On Friday, Harry walked to Potions with a determined step. Snape was not going to get to him today.

When he walked into class ten minutes early, Snape only said, "Start on your essay, Potter."

When had he assigned an essay? Harry stared at him but saw nothing in those coal black eyes. He huffed and pulled out his parchment. He wasn't about to ask Snape what essay he was talking about. Instead, he hunched over the parchment and pretended to write.

Snape sniffed and turned his back to wave his wand at the chalkboard. The day's date appeared in the upper right corner.

Somehow the pictures of Harry's home had fallen out of his sack. He bent to retrieve them when suddenly a dark shadow fell over him.

"Stealing, Potter?"

The voice was angry and very nearly demented.

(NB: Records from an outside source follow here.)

Lemma supp_in_subspace Q : subspace (supp_in Q).
Proof.
have nz_add (u v : X * X -> k) p : u p + v p != 0 -> u p != 0 \/ v p != 0.
  by case: (eqVneq (u p) 0) => [->|]; [rewrite add0r; right | left].
have nz_scale (c : k) (u : X * X -> k) p : c * u p != 0 -> u p != 0.
  by apply: contraNN => /eqP ->; rewrite mulr0.
split.
- by split; [split => [p|]; rewrite /zerov ?eqxx //; exists [::] | move=> p; rewrite eqxx].
- move=> u v [[Hu [su Hsu]] Qu] [[Hv [sv Hsv]] Qv].
  split; first split; first by move=> p /nz_add [/Hu|/Hv].
  + by exists (su ++ sv) => p /nz_add [/Hsu|/Hsv]; rewrite mem_cat => ->; rewrite ?orbT.
  + by move=> p /nz_add [/Qu|/Qv].
- move=> c u [[Hu [su Hsu]] Qu].
  by split; first split; [move=> p /nz_scale/Hu | exists su => p /nz_scale/Hsu |
    move=> p /nz_scale/Qu].
Qed.

Lemma IC_expand c : IC c -> exists s : seq (X * X),
  [/\ uniq s, (forall p, p \in s -> c p != 0), (forall p, c p != 0 -> p \in s) &
      c = lincomb_seq [seq (c p, e p.1 p.2) | p <- s]].
Proof.
case=> _ [s0 Hs0]; set s := undup [seq p <- s0 | c p != 0].
have ms p : (p \in s) = (c p != 0).
  by rewrite mem_undup mem_filter; case: (eqVneq (c p) 0) => //= H; rewrite Hs0 // H.
exists s; split; first exact: undup_uniq.
- by move=> p; rewrite ms.
- by move=> p; rewrite ms.
apply: functional_extensionality => q; rewrite /lincomb_seq big_map.
rewrite (big_seq_only (j := q)) ?undup_uniq //=.
  rewrite andbT ms; case: eqP => [->|] //.
  by rewrite /e_ -surjective_pairing eqxx mulr1.
move=> p _ _ pq; rewrite /e_ -surjective_pairing.
by case: eqP => [qp|]; [rewrite qp eqxx in pq | rewrite mulr0].
Qed.

Lemma e_basis_lin_indep : lin_indep (@e_basis k X le).
Proof.
move=> n a f inj_f Hf /(congr1 (fun g => g _)) combE i.
case: (Hf i) => x [y [_ fi]]; move: (combE (x, y)); rewrite /lincomb /zerov.
rewrite (bigD1 i) //= fi e_id mulr1 big1 ?addr0 // => j ji.
case: (Hf j) => x' [y' [_ fj]]; rewrite fj /e_; case: eqP => [[ex ey]|]; last by rewrite mulr0.
have /inj_f ij : f j = f i by rewrite fi fj ex ey.
by rewrite ij eqxx in ji.
Qed.

Lemma basis_of_e_supp W B :
  Defs.subset W IC -> Defs.subset B W -> Defs.subset B (@e_basis k X le) ->
  (forall c, W c -> forall p, c p != 0 -> B (e p.1 p.2)) ->
  basis_of W B.
Proof.
move=> WI BW Be Hsupp; split => //.
  by move=> n a f inj_f Hf; apply: e_basis_lin_indep => // i; apply: Be.
move=> c Wc; case: (IC_expand (WI _ Wc)) => s [_ Hs _ ->].
by apply: span_lincomb_seq; apply: all_vecs_map => p /Hs; apply: Hsupp.
Qed.

Lemma tensS_slice_r U V t p : subspace V -> tensS U V t -> V (fun r => t (p, r)).
Proof.
move=> sV Ht; apply: (span_comp (g := fun r => (p, r)) sV _ Ht) => _ [u [v [_ [Vv ->]]]].
exact: (subspace_scale (u p) sV Vv).
Qed.

Lemma tensS_slice_l U V t q : subspace U -> tensS U V t -> U (fun l => t (l, q)).
Proof.
move=> sU Ht; apply: (span_comp (g := fun l => (l, q)) sU _ Ht) => _ [u [v [Uu [_ ->]]]].
have -> : tens u v \o (fun l => (l, q)) = fun l => v q * u l.
  by apply: functional_extensionality => l; rewrite /tens /= mulrC.
exact: subspace_scale.
Qed.

Lemma tensS_eq0_l U V t a b : (forall u, U u -> u a = 0) -> tensS U V t -> t (a, b) = 0.
Proof. by move=> H; apply: span_eq0_at => _ [u [v [Uu [_ ->]]]]; rewrite /tens /= H // mul0r. Qed.

Lemma tensS_eq0_r U V t a b : (forall v, V v -> v b = 0) -> tensS U V t -> t (a, b) = 0.
Proof. by move=> H; apply: span_eq0_at => _ [u [v [_ [Vv ->]]]]; rewrite /tens /= H // mulr0. Qed.

Lemma interval_cover (s : seq (X * X)) : exists T : seq X,
  uniq T /\ forall p z, p \in s -> le p.1 z -> le z p.2 -> z \in T.
Proof.
elim: s => [|p s [T [_ HT]]]; first by exists [::].
case: (loc_fin p.1 p.2) => s1 Hs1; exists (undup (s1 ++ T)); split; first exact: undup_uniq.
move=> q z; rewrite inE mem_undup mem_cat => /orP [/eqP ->|qs] l1 l2.
  by rewrite Hs1 // l1 l2.
by rewrite (HT q z qs l1 l2) orbT.
Qed.

Lemma Delta_expand c : IC c -> exists s (T : seq X),
  (forall p, p \in s -> c p != 0) /\
  Delta le c = fun pq => \sum_(p <- s) \sum_(z <- T | le p.1 z && le z p.2)
                          c p * tens (e p.1 z) (e z p.2) pq.
Proof.
move=> Ic; case: (IC_expand Ic) => s [us Hs1 Hs2 _].
case: (interval_cover s) => T [uT HT]; exists s, T; split => //.
apply: functional_extensionality => -[[x y] [y' w]].
rewrite /Delta (big_seq_only (P := xpredT) (j := (x, w))) //=; last first.
  move=> p _ _ pxw; rewrite big1 // => z _; rewrite /tens /e_ !xpair_eqE /=.
  case: (eqVneq x p.1) => [ex|]; case: (eqVneq w p.2) => [ew|];
    rewrite ?andbF /= ?mul0r ?mulr0 //.
  by rewrite ex ew -surjective_pairing eqxx in pxw.
case: (boolP ((x, w) \in s)) => xw; last first.
  have -> : c (x, w) = 0 by apply/eqP; apply: contraNT xw; apply: Hs2.
  by case: ifP.
rewrite andbT (big_seq_only (j := y)) //; last first.
  move=> z _ _ zy; rewrite /tens /e_ !xpair_eqE eq_sym (negbTE zy) /=.
  by rewrite andbF mul0r mulr0.
case lxy: (le x y); case lyw: (le y w); rewrite ?andbF ?andbT //=.
rewrite (HT (x, w) y xw lxy lyw) /tens /e_ !xpair_eqE !eqxx /= mul1r eq_sym.
by case: ifP; rewrite ?mulr1 ?mulr0.
Qed.

Lemma tensS_Delta_part U V c (s : seq (X * X)) (T : seq X) (Q : X * X -> X -> bool) :
  (forall p z, p \in s -> Q p z -> U (e p.1 z) /\ V (e z p.2)) ->
  tensS U V (fun pq => \sum_(p <- s) \sum_(z <- T | Q p z) c p * tens (e p.1 z) (e z p.2) pq).
Proof.
move=> H; apply: (subspace_big (P := xpredT)); first exact: span_subspace.
move=> p ps _; apply: subspace_big; first exact: span_subspace.
move=> z _ Qpz; apply: subspace_scale; first exact: span_subspace.
by apply: span_mem; have [Ue Ve] := H p z ps Qpz; exists (e p.1 z), (e z p.2).
Qed.

Section Subcoalgebra.
Variable D : (X * X -> k) -> Prop.
Hypothesis subcoD : subcoalgebra le D.

Lemma subcoalgebra_subspace : subspace D.
Proof. by case: subcoD. Qed.

Lemma subcoalgebra_IC d : D d -> IC d.
Proof. by case: subcoD => _ + _; apply. Qed.

Lemma subcoalgebra_slice_r d p : D d -> D (fun r => Delta le d (p, r)).
Proof. by case: subcoD => sD _ HD Dd; apply: tensS_slice_r (HD _ Dd). Qed.

Lemma subcoalgebra_slice_l d q : D d -> D (fun l => Delta le d (l, q)).
Proof. by case: subcoD => sD _ HD Dd; apply: tensS_slice_l (HD _ Dd). Qed.

(* e_{a,b} is d(a,b)^-1 times the e_{b,b}-slice of Delta of the e_{a,a}-slice of Delta d. *)
Lemma subcoalgebra_e_supp d p : D d -> d p != 0 -> D (e p.1 p.2).
Proof.
case: p => a b Dd /= dab; have /= lab := IC_le (subcoalgebra_IC Dd) dab.
have -> : e a b = fun q => (d (a, b))^-1 *
   (fun l => Delta le (fun r => Delta le d ((a, a), r)) (l, (b, b))) q.
  apply: functional_extensionality => -[x y]; rewrite /Delta /e_ xpair_eqE /=.
  case: (eqVneq x a) => [->|xa]; case: (eqVneq y b) => [->|yb];
    rewrite ?eqxx ?le_refl ?lab /= ?mulr0 ?mulVf //.
  by case: ifP => _; rewrite mulr0.
apply: subspace_scale subcoalgebra_subspace _.
exact: subcoalgebra_slice_l (subcoalgebra_slice_r _ Dd).
Qed.

Lemma subcoalgebra_e_interval a b z : D (e a b) -> le a z -> le z b -> D (e z b) /\ D (e a z).
Proof.
move=> Dab laz lzb; split.
  have -> : e z b = fun r => Delta le (e a b) ((a, z), r).
    apply: functional_extensionality => -[y d]; rewrite /Delta /e_ !xpair_eqE /= eqxx laz /=.
    by case: (eqVneq y z) => _; case: (eqVneq d b) => [->|_] //=; rewrite ?lzb //; case: ifP.
  exact: subcoalgebra_slice_r.
have -> : e a z = fun l => Delta le (e a b) (l, (z, b)).
  apply: functional_extensionality => -[x y]; rewrite /Delta /e_ !xpair_eqE /= eqxx andbT.
  by case: (eqVneq x a) => [->|_]; case: (eqVneq y z) => [->|_] //=; rewrite ?laz ?lzb //;
    case: ifP.
exact: subcoalgebra_slice_l.
Qed.
End Subcoalgebra.

Definition equiv x y := le x y /\ le y x.

Definition block x := supp_in (fun p => equiv x p.1 /\ equiv x p.2).

Lemma block_e x a b : equiv x a -> equiv x b -> block x (e a b).
Proof. by move=> [xa ax] [xb bx]; apply: supp_in_e => //; apply: le_trans ax xb. Qed.

Lemma block_subset D x a b :
  subcoalgebra le D -> D (e a b) -> equiv x a -> equiv x b -> Defs.subset (block x) D.
Proof.
move=> sD Dab [xa ax] [xb bx] c [Ic Hc]; case: (IC_expand Ic) => s [_ Hs _ ->].
apply: subspace_lincomb_seq; first exact: subcoalgebra_subspace.
apply: all_vecs_map => p /Hs /Hc [[x1 p1x] [x2 p2x]] /=.
have [Dp1b _] := subcoalgebra_e_interval sD Dab (le_trans ax x1) (le_trans p1x xb).
by case: (subcoalgebra_e_interval sD Dp1b (le_trans p1x x2) (le_trans p2x xb)).
Qed.

Lemma block_subcoalgebra x : subcoalgebra le (block x).
Proof.
split; [exact: supp_in_subspace | by move=> c [] |].
move=> c [Ic Hc]; case: (Delta_expand Ic) => s [T [Hs ->]].
apply: tensS_Delta_part => p z ps /andP [l1 l2].
have [[xp1 p1x] [xp2 p2x]] := Hc p (Hs p ps).
have xz : equiv x z by split; [apply: le_trans xp1 l1 | apply: le_trans l2 p2x].
by split; apply: block_e.
Qed.

Lemma block_simple x : simple_subcoalgebra le (block x).
Proof.
split; first exact: block_subcoalgebra.
  by exists (e x x); split; [apply: block_e | apply: e_neq0].
move=> F sF Fx.
case: (classic (exists d p, F d /\ d p != 0)) => [[d [p [Fd dp]]]|F0]; [right|left].
  have [xp1 xp2] := (Fx _ Fd).2 p dp.
  exact: block_subset sF (subcoalgebra_e_supp sF Fd dp) xp1 xp2.
move=> d Fd; apply: functional_extensionality => p; apply/eqP/negPn/negP => dp.
by apply: F0; exists d, p.
Qed.

(* A simple D containing some e_{a,b} contains the block of a; simplicity forces
   D = block a, so b lies in the class of a. *)
Lemma simple_subcoalgebra_supp D c p :
  simple_subcoalgebra le D -> D c -> c p != 0 -> le p.2 p.1.
Proof.
case=> sD _ Hsimple Dc cp; have /= lp := IC_le (subcoalgebra_IC sD Dc) cp.
have Dp := subcoalgebra_e_supp sD Dc cp.
have [_ Dp1] := subcoalgebra_e_interval sD Dp (le_refl p.1) lp.
have p1p1 : equiv p.1 p.1 by split.
case: (Hsimple _ (block_subcoalgebra p.1) (block_subset sD Dp1 p1p1 p1p1)) => [B0|DB].
  by case: (@e_neq0 p.1 p.1); apply: B0; apply: block_e.
have ep : e p.1 p.2 (p.1, p.2) != 0 by rewrite e_id oner_eq0.
by have [_ []] := (DB _ Dp).2 _ ep.
Qed.

Lemma coradicalE c : coradical le c <-> supp_in (fun p => le p.2 p.1) c.
Proof.
split.
  apply: span_subset_subspace; first exact: supp_in_subspace.
  move=> g [D [sD Dg]]; split.
    by case: sD => sD _ _; apply: (subcoalgebra_IC sD Dg).
  by move=> p; apply: simple_subcoalgebra_supp sD Dg.
case=> Ic Hc; case: (IC_expand Ic) => s [_ Hs _ ->].
apply: subspace_lincomb_seq; first exact: span_subspace.
apply: all_vecs_map => p /Hs cp /=; apply: span_mem; exists (block p.1).
by split; [exact: block_simple | apply: block_e; split => //; [apply: IC_le cp | apply: Hc]].
Qed.

Fixpoint filt_supp (n : nat) (p : X * X) : Prop :=
  if n is n'.+1 then forall z, le p.1 z -> le z p.2 -> le z p.1 \/ filt_supp n' (z, p.2)
  else le p.2 p.1.

Section FiltrationStep.
Variable n : nat.
Hypothesis corad_filt_nE : forall c, corad_filt le n c <-> supp_in (filt_supp n) c.

(* Compare the coefficients of e_{a,z} (x) e_{z,b} on both sides of Delta c = u + v. *)
Lemma wedge_supp c : wedge le (coradical le) (corad_filt le n) c -> supp_in (filt_supp n.+1) c.
Proof.
case=> Ic [u [v [Hu [Hv DeltaE]]]]; split => // p cp z l1 l2.
case: (boolP (le z p.1)) => [|nzp]; [by left | right].
apply: NNPP => nP; move/(congr1 (fun f => f ((p.1, z), (z, p.2)))): DeltaE.
rewrite /Delta /= eqxx l1 l2 /= -surjective_pairing.
rewrite (tensS_eq0_l _ _ Hu); last first.
  move=> w /coradicalE [_ Hw]; apply/eqP/negPn/negP => /Hw /=.
  by rewrite (negbTE nzp).
rewrite (tensS_eq0_r _ _ Hv); last first.
  by move=> w /corad_filt_nE [_ Hw]; apply/eqP/negPn/negP => /Hw.
by rewrite addr0 => /eqP; rewrite (negbTE cp).
Qed.

(* The terms of Delta c with z <= p.1 lie in C_0 (x) C, the others in C (x) C_n. *)
Lemma supp_wedge c : supp_in (filt_supp n.+1) c -> wedge le (coradical le) (corad_filt le n) c.
Proof.
case=> Ic Hc; split => //; case: (Delta_expand Ic) => s [T [Hs ->]].
set F := fun (P : X * X -> X -> bool) pq => \sum_(p <- s) \sum_(z <- T | P p z)
  c p * tens (e p.1 z) (e z p.2) pq.
exists (F (fun p z => (le p.1 z && le z p.2) && le z p.1)).
exists (F (fun p z => (le p.1 z && le z p.2) && ~~ le z p.1)).
split; [|split].
- apply: tensS_Delta_part => p z _ /andP [/andP [l1 l2] l3].
  by split; [apply/coradicalE; apply: supp_in_e | apply: IC_e].
- apply: tensS_Delta_part => p z ps /andP [/andP [l1 l2] l3].
  split; first exact: IC_e.
  apply/corad_filt_nE; apply: supp_in_e => //.
  by case: (Hc p (Hs p ps) z l1 l2) => // zp; rewrite zp in l3.
- apply: functional_extensionality => pq; rewrite /F -big_split.
  by apply: eq_bigr => p _; rewrite (bigID (fun z => le z p.1)).
Qed.
End FiltrationStep.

Harry shrank back in his chair. "I didn't steal them from you," he said weakly.

Snape's palms pounded onto Harry's desk. "How did they come to be out of my gradebook?"

"They fell out," Harry said. He straightened, finding it hard to do with Snape's nose nearly touching his. "But they're pictures of MY house!"

Snape stepped back at this. For a second, Harry saw a waver of fear in his eyes and then he sneered. "Indeed. And what a hovel it is. Tell me, did James Potter build this crude crib with his bare hands?"

Harry glowered at Snape, knowing he hated him much more than Snape could ever dream of hating him. "How would I know? He died when I was…" His voice fell away. He had suddenly recalled a horribly embarrassing memory, one of his father toilet-training him. But James had died when Harry was only fifteen months old. And he hadn't even been talking then but he remembered carrying on full conversations with a black-haired man who smiled a lot.

Snape was grinning widely like a jackal who had just killed its prey.

Harry hated him.

"Incidentally, I saw the lock on the broomshed had been jimmied." (Harry sucked in a breath.) "Since first years aren't permitted to fly, that will be twenty points from each Gryffindor involved."

Harry tried not to listen as forty rubies rattled down the Gryffindor hourglass.

Snape's lips formed a thin line. "In addition, breaking into the broomshed carries the penalty of fifty points each. With detention."

"Detention?" Harry exclaimed. He hadn't meant to say it aloud and hated that Snape's eyes glowed with pleasure.

"Yes, my office. Tonight at seven. Do not be late."

Harry glared at his desk. Why did Snape hate him so much?

"Oh, yes. Tell Weasley--" Snape's glare disappeared and he actually looked flustered. "Rather, the skinny one with bad skin, that he has detention with Argus Filch."